Y entonces vendría la gloria. García Márquez se convirtió en una de las personas más famosas del mundo y aún así, en ese periodo que va desde 1970 a 1985, pudo construir tres de sus obras más sólidas, Crónica de una muerte anunciada, un relato que le rondaba en la cabeza desde los años cincuenta y en donde vierte todas sus tácticas periodísticas a la hora de narrar, hizo la gran novela de amor, El amor en los tiempos del cólera, que, durante la pandemia fue el libro más vendido en los Estados Unidos y cerró ese ciclo con una obra monumental y completamente infravalorada, El general en su laberinto, donde muestra con precisión de cronista el último viaje de Bolívar, traicionado por los anquilosados bogotanos y, como un náufrago, arrastrándose por la enfermedad y la traición hasta Santa Marta donde moriría, de manera infame, en una casa que ni siquiera era suya a los 47 años.

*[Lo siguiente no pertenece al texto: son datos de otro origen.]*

(* Let $\vec{m}\in\mathbb{R}^N$ denote a vector of $N$ homodyne measurement outcomes and $\vec{\theta}$ a vector of $N$ homodyne-measurement angles with $\theta_j \in(-\tfrac{\pi}{2},\tfrac{\pi}{2}]$ for all $j$. Let $\hat{B}^{(N)} \to \mathbf{R}$ be a real beam-splitter network, where $\mathbf{R} \in \mathrm{O}(N)$ is neither block diagonal nor a row permutation away from block diagonal. Let $\vec{\theta}'$ be another vector of $N$ measurement angles with $\theta'_i\in(-\tfrac{\pi}{2},\tfrac{\pi}{2}]$, and let $\mathbf{L} \in \mathbb{R}^{N\times N}$ be a real matrix for which there exists a Gaussian unitary $\hat{U}_G$ satisfying $\sqrt{|\det \mathbf{L}^{-1}|}\, {}_{p}\!\langle \mathbf{L}^{-1} \vec{m}| = {}_{p}\!\langle \vec{m}| \hat{U}_G$. Then, given $\vec{\theta}$ and $\hat{B}^{(N)}$, there does not exist a pair $(\vec{\theta}',\mathbf{L})$ such that for all $\vec{m}\in\mathbb{R}^N$, $${}_{p_{\vec{\theta}}}\!\langle \vec{m}|\, \hat{B}^{(N)} = \sqrt{|\det \mathbf{L}^{-1}|}\; {}_{p_{\vec{\theta}'}}\!\langle \mathbf{L}^{-1} \vec{m}|,$$ unless $\vec{\theta}=\theta\vec{1}_N$ (all angles equal), where $\vec{1}_N=(1,\ldots,1)^{\mathsf{T}}$.
   Context: Modes have quadratures $\hat q=(\hat a+\hat a^\dagger)/\sqrt2$, $\hat p=-i(\hat a-\hat a^\dagger)/\sqrt2$. The rotated quadrature is $\hat p_\theta = \hat R^\dagger(\theta)\hat p\hat R(\theta)=\hat p\cos\theta+\hat q\sin\theta$ with $\hat R(\theta)=e^{i\theta\hat a^\dagger\hat a}$; a homodyne measurement of $\hat p_\theta$ with outcome $m$ is the projection onto the bra ${}_{p_\theta}\!\langle m| = {}_{p}\!\langle m|\hat R(\theta)$, and ${}_{p_{\vec\theta}}\!\langle\vec m|$ denotes the tensor product of such bras over the $N$ modes. For a passive linear-optical unitary, $\hat U\to\mathbf U$ means $\hat U^\dagger\hat{\vec a}\hat U=\mathbf U\hat{\vec a}$ for the vector of annihilation operators. A real beam-splitter network is a product of beam splitters $e^{-\theta(\hat a_j\hat a_k^\dagger-\hat a_j^\dagger\hat a_k)}$, whose matrix is real orthogonal. The determinant factor accounts for the change of measure from linear post-processing of outcomes.
   Formalization: R is assumed not block diagonal after any permutation of its rows combined with any relabelling of the modes (permutation of its columns), rather than only after row permutations. The statement above fails without it. *)

From HB Require Import structures.
From mathcomp Require Import all_boot all_order all_fingroup all_algebra.
From mathcomp Require Import all_classical all_reals all_analysis.
Set Implicit Arguments. Unset Strict Implicit. Unset Printing Implicit Defensive.
Import Order.TTheory GRing.Theory Num.Theory.
Local Open Scope ring_scope.

(* A vector of n operators, each a real linear combination of the quadratures
   x = (q_1,...,q_n,p_1,...,p_n), is represented by its coefficient matrix
   C : 'M_(n, n + n)  (operator_j = sum_k C j k * x_k). *)

Definition angle_ok (R : realType) (t : R) : Prop := - (pi / 2) < t <= pi / 2.

(* Coefficients of the rotated quadratures p_theta_j = p_j cos th_j + q_j sin th_j. *)
Definition p_theta_coef (R : realType) (n : nat) (th : 'rV[R]_n) : 'M[R]_(n, n + n) :=
  row_mx (diag_mx (map_mx sin th)) (diag_mx (map_mx cos th)).

Definition p_coef (R : realType) (n : nat) : 'M[R]_(n, n + n) := row_mx 0 1%:M.

(* Heisenberg action of a real passive network B -> M :
   B^dag q B = M q, B^dag p B = M p, i.e. B^dag x B = (block_mx M 0 0 M) x. *)
Definition passive_real_symp (R : realType) (n : nat) (M : 'M[R]_n) : 'M[R]_(n + n) :=
  block_mx M 0 0 M.

(* Symplectic form and symplectic matrices (homogeneous Gaussian unitaries:
   U^dag x U = S x with S symplectic). *)
Definition Jmx (R : realType) (n : nat) : 'M[R]_(n + n) :=
  block_mx 0 1%:M (- 1%:M) 0.

Definition symplectic (R : realType) (n : nat) (S : 'M[R]_(n + n)) : Prop :=
  S *m Jmx R n *m S^T = Jmx R n.

(* Conjugation of an operator vector with coefficient matrix C by a Gaussian
   unitary with symplectic matrix S: U^dag (C x) U = (C S) x. *)

(* "There is a Gaussian unitary U_G with sqrt|det L^-1| <L^-1 m|_p = <m|_p U_G
    for all m":  equivalently U_G^dag p U_G = L p  (p-eigenbras with labels m are
    mapped to p-eigenbras with labels L^-1 m). *)
Definition gaussian_relabel (R : realType) (n : nat) (L : 'M[R]_n) : Prop :=
  exists S : 'M[R]_(n + n), symplectic S /\ p_coef R n *m S = L *m p_coef R n.

(* "<m|_{p_th} B = sqrt|det L^-1| <L^-1 m|_{p_th'} for all m":  the left family
   is the (complete, m-labelled) family of joint eigenbras of B^dag p_th B with
   eigenvalues m, the right one that of L p_th' with eigenvalues m; the identity
   of the labelled families is the operator identity B^dag p_th B = L p_th'. *)
Definition homodyne_equiv (R : realType) (n : nat) (th : 'rV[R]_n) (M : 'M[R]_n)
    (th' : 'rV[R]_n) (L : 'M[R]_n) : Prop :=
  p_theta_coef th *m passive_real_symp M = L *m p_theta_coef th'.

(* M is block diagonal up to permutation of rows (and relabelling of modes/columns):
   there is a nontrivial split of rows and columns with vanishing off-diagonal blocks. *)
Definition block_decomposable (R : realType) (n : nat) (M : 'M[R]_n) : Prop :=
  exists (s t : 'S_n) (k : nat), (0 < k < n)%N /\
    forall i j : 'I_n, ((i < k)%N != (j < k)%N) -> M (s i) (t j) = 0.

From HB Require Import structures.
From mathcomp Require Import all_boot all_order all_fingroup all_algebra.
From mathcomp Require Import all_classical all_reals all_analysis.
From mathcomp Require Import ring lra.
Import Order.TTheory GRing.Theory Num.Theory.
Local Open Scope ring_scope.

(* Comparing the sin and cos components of B^dag p_th B = L p_th' entrywise
   gives sin th_i M_ij = L_ij sin th'_j and cos th_i M_ij = L_ij cos th'_j, so
   sin (th_i - th'_j) M_ij = 0: wherever M_ij <> 0 the angles agree, since they
   lie in a half-open interval of length pi.  Fixing t := th_i0, the rows I with
   th_i = t and the columns J with th'_j = t therefore cut M into two diagonal
   blocks.  Orthogonality forces #|I| = #|J| (both count the squared entries of
   the I x J block), so unless I is everything M is block decomposable. *)

Lemma angle_ok_sinB_eq0 (R : realType) (a b : R) :
  angle_ok a -> angle_ok b -> sin (a - b) = 0 -> a = b.
Proof.
rewrite /angle_ok => /andP[a_gt a_le] /andP[b_gt b_le] sinab0.
have pi_gt0 : 0 < (pi : R) := pi_gt0 R.
case: (ltgtP (a - b) 0) => [ab_lt0|ab_gt0|/eqP]; last by rewrite subr_eq0 => /eqP.
- have : 0 < sin (- (a - b)).
    by apply: sin_gt0_pi; apply/andP; split; [rewrite oppr_gt0 | lra].
  by rewrite sinN sinab0 oppr0 ltxx.
- have : 0 < sin (a - b) by apply: sin_gt0_pi; apply/andP; split => //; lra.
  by rewrite sinab0 ltxx.
Qed.

Lemma homodyne_equivE (R : realType) (n : nat) (th th' : 'rV[R]_n) (M L : 'M[R]_n) :
  homodyne_equiv th M th' L -> forall i j,
    sin (th 0 i) * M i j = L i j * sin (th' 0 j) /\
    cos (th 0 i) * M i j = L i j * cos (th' 0 j).
Proof.
rewrite /homodyne_equiv /p_theta_coef /passive_real_symp.
rewrite mul_row_block mul_mx_row ?mulmx0 ?mul0mx ?addr0 ?add0r.
case/eq_row_mx => Esin Ecos i j.
move: (congr1 (fun A : 'M[R]_n => A i j) Esin) (congr1 (fun A : 'M[R]_n => A i j) Ecos).
by rewrite /= !mul_diag_mx !mul_mx_diag !mxE.
Qed.

Lemma homodyne_equiv_angle_eq {R : realType} {n : nat} {th th' : 'rV[R]_n}
    {M L : 'M[R]_n} :
  (forall j, angle_ok (th 0 j)) -> (forall j, angle_ok (th' 0 j)) ->
  homodyne_equiv th M th' L ->
  forall i j, M i j != 0 -> th 0 i = th' 0 j.
Proof.
move=> th_ok th'_ok /homodyne_equivE thE i j Mij_neq0.
apply: angle_ok_sinB_eq0 => //; have [Esin Ecos] := thE i j.
apply: (mulIf Mij_neq0); rewrite mul0r sinB.
transitivity (cos (th' 0 j) * (sin (th 0 i) * M i j)
              - sin (th' 0 j) * (cos (th 0 i) * M i j)); first by ring.
by rewrite Esin Ecos; ring.
Qed.

Lemma orthogonal_block_card {R : numDomainType} {n : nat} {M : 'M[R]_n}
    {I J : {set 'I_n}} :
  M *m M^T = 1%:M ->
  (forall i j, (i \in I) != (j \in J) -> M i j = 0) ->
  #|I| = #|J|.
Proof.
move=> MMT offblock0.
have MTM : M^T *m M = 1%:M := mulmx1C MMT.
have row_norm i : \sum_j M i j ^+ 2 = 1.
  transitivity ((M *m M^T) i i); last by rewrite MMT mxE eqxx.
  by rewrite mxE; apply: eq_bigr => j _; rewrite !mxE.
have col_norm j : \sum_i M i j ^+ 2 = 1.
  transitivity ((M^T *m M) j j); last by rewrite MTM mxE eqxx.
  by rewrite mxE; apply: eq_bigr => i _; rewrite !mxE.
apply/eqP; rewrite -(eqr_nat R) -!sumr_const.
have -> : \sum_(i in I) 1 = \sum_(i in I) \sum_(j in J) M i j ^+ 2 :> R.
  apply: eq_bigr => i iI; rewrite -(row_norm i) (bigID (mem J)) /=.
  by rewrite [X in _ + X]big1 ?addr0 // => j jNJ; rewrite offblock0 ?expr0n // iI (negbTE jNJ).
have -> : \sum_(j in J) 1 = \sum_(j in J) \sum_(i in I) M i j ^+ 2 :> R.
  apply: eq_bigr => j jJ; rewrite -(col_norm j) (bigID (mem I)) /=.
  by rewrite [X in _ + X]big1 ?addr0 // => i iNI; rewrite offblock0 ?expr0n // jJ (negbTE iNI).
by rewrite exchange_big.
Qed.

Lemma perm_set_to_prefix {n : nat} (A : {set 'I_n}) :
  exists s : 'S_n, forall i, (s i \in A) = (i < #|A|)%N.
Proof.
set enumAC := enum A ++ enum (~: A).
have size_enumAC : size enumAC = n by rewrite size_cat -!cardE cardsC card_ord.
have uniq_enumAC : uniq enumAC.
  rewrite cat_uniq !enum_uniq andbT /=.
  by apply/hasPn => x; rewrite !mem_enum inE => ->.
pose f i := nth i enumAC i.
have f_inj : injective f.
  move=> i j /eqP; rewrite /f (set_nth_default i) ?size_enumAC //.
  by rewrite nth_uniq ?size_enumAC // => /eqP/val_inj.
exists (perm f_inj) => i; rewrite permE /f nth_cat -cardE.
case: ltnP => [i_lt | i_ge]; first by rewrite -mem_enum mem_nth // -cardE.
have : nth i (enum (~: A)) (i - #|A|) \in ~: A.
  by rewrite -mem_enum mem_nth // -cardE ltn_subLR // cardsC card_ord.
by rewrite inE => /negbTE.
Qed.

Lemma block_decomposable_of_sets {R : realType} {n : nat} {M : 'M[R]_n}
    {I J : {set 'I_n}} :
  #|I| = #|J| -> (0 < #|I| < n)%N ->
  (forall i j, (i \in I) != (j \in J) -> M i j = 0) ->
  block_decomposable M.
Proof.
move=> cardIJ cardI offblock0.
have [s sI] := perm_set_to_prefix I.
have [t tJ] := perm_set_to_prefix J.
by exists s, t, #|I|; split=> // i j ij; apply: offblock0; rewrite sI tJ -cardIJ.
Qed.

Theorem theorem3 (R : realType) (N : nat) (th : 'rV[R]_N) (M : 'M[R]_N) :
  (forall j : 'I_N, angle_ok (th 0 j)) ->
  M *m M^T = 1%:M ->
  ~ block_decomposable M ->
  (exists (th' : 'rV[R]_N) (L : 'M[R]_N),
      (forall j : 'I_N, angle_ok (th' 0 j)) /\
      L \in unitmx /\
      gaussian_relabel L /\
      homodyne_equiv th M th' L) ->
  exists t : R, forall j : 'I_N, th 0 j = t.
Proof.
move=> th_ok MMT Mindec [th' [L [th'_ok [_ [_ equiv]]]]].
have angle_eq := homodyne_equiv_angle_eq th_ok th'_ok equiv.
have [i0 _ | no_mode] := pickP (@predT 'I_N); last by exists 0 => j; have := no_mode j.
pose t := th 0 i0; exists t.
pose I := [set i | th 0 i == t]; pose J := [set j | th' 0 j == t].
have offblock0 i j : (i \in I) != (j \in J) -> M i j = 0.
  by apply: contraNeq => /angle_eq thij; rewrite !inE thij.
move=> j; apply: contra_notP Mindec => thj_neq_t.
apply: (block_decomposable_of_sets (orthogonal_block_card MMT offblock0)) offblock0.
rewrite card_gt0; apply/andP; split; first by apply/set0Pn; exists i0; rewrite inE.
rewrite -[X in (_ < X)%N]card_ord -cardsT proper_card // properT.
apply/negP => /eqP IT; apply: thj_neq_t; apply/eqP.
suff : j \in I by rewrite inE.
by rewrite IT finset.in_setT.
Qed.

No hay un libro que condense más la soledad del poder. En el año 2013, History Chanell hizo un concurso donde la gente votó. Les preguntaba que quien había sido el colombiano más importante. El ganador fue Álvaro Uribe Vélez, quien actualmente está compareciendo en un juicio por los delitos de manipulación de testigos. Gabo fue segundo. Sus amigos confirman que la niebla del olvido ya lo dominaba por completo así que ni se enteró. Igual tampoco le hubiera extrañado. Como a Bolívar, de Colombia lo echaron, justo un año antes de ganar el nobel, después de descubrir que existía un plan para matarlo. Cuando murió, en 2014, la senadora María Fernanda Cabal afirmó que se estaba quemando en el infierno junto con su amigo Fidel Castro. No nos cabe duda de que fue el Gran Colombiano. No tanto por su obra, sino por su capacidad de darle gloria a un país cuyo establecimiento nunca se sintió cómodo con lo que para ellos era un “costeño demasiado estridente”.
Todas esas culpas podrán lavarse este 2 y 3 de agosto en Aracataca. Celebren con nosotros, no solo a Gabo, sino a la tierra donde nació y que nos permitió disfrutar de que el escritor más universal del último siglo sea colombiano.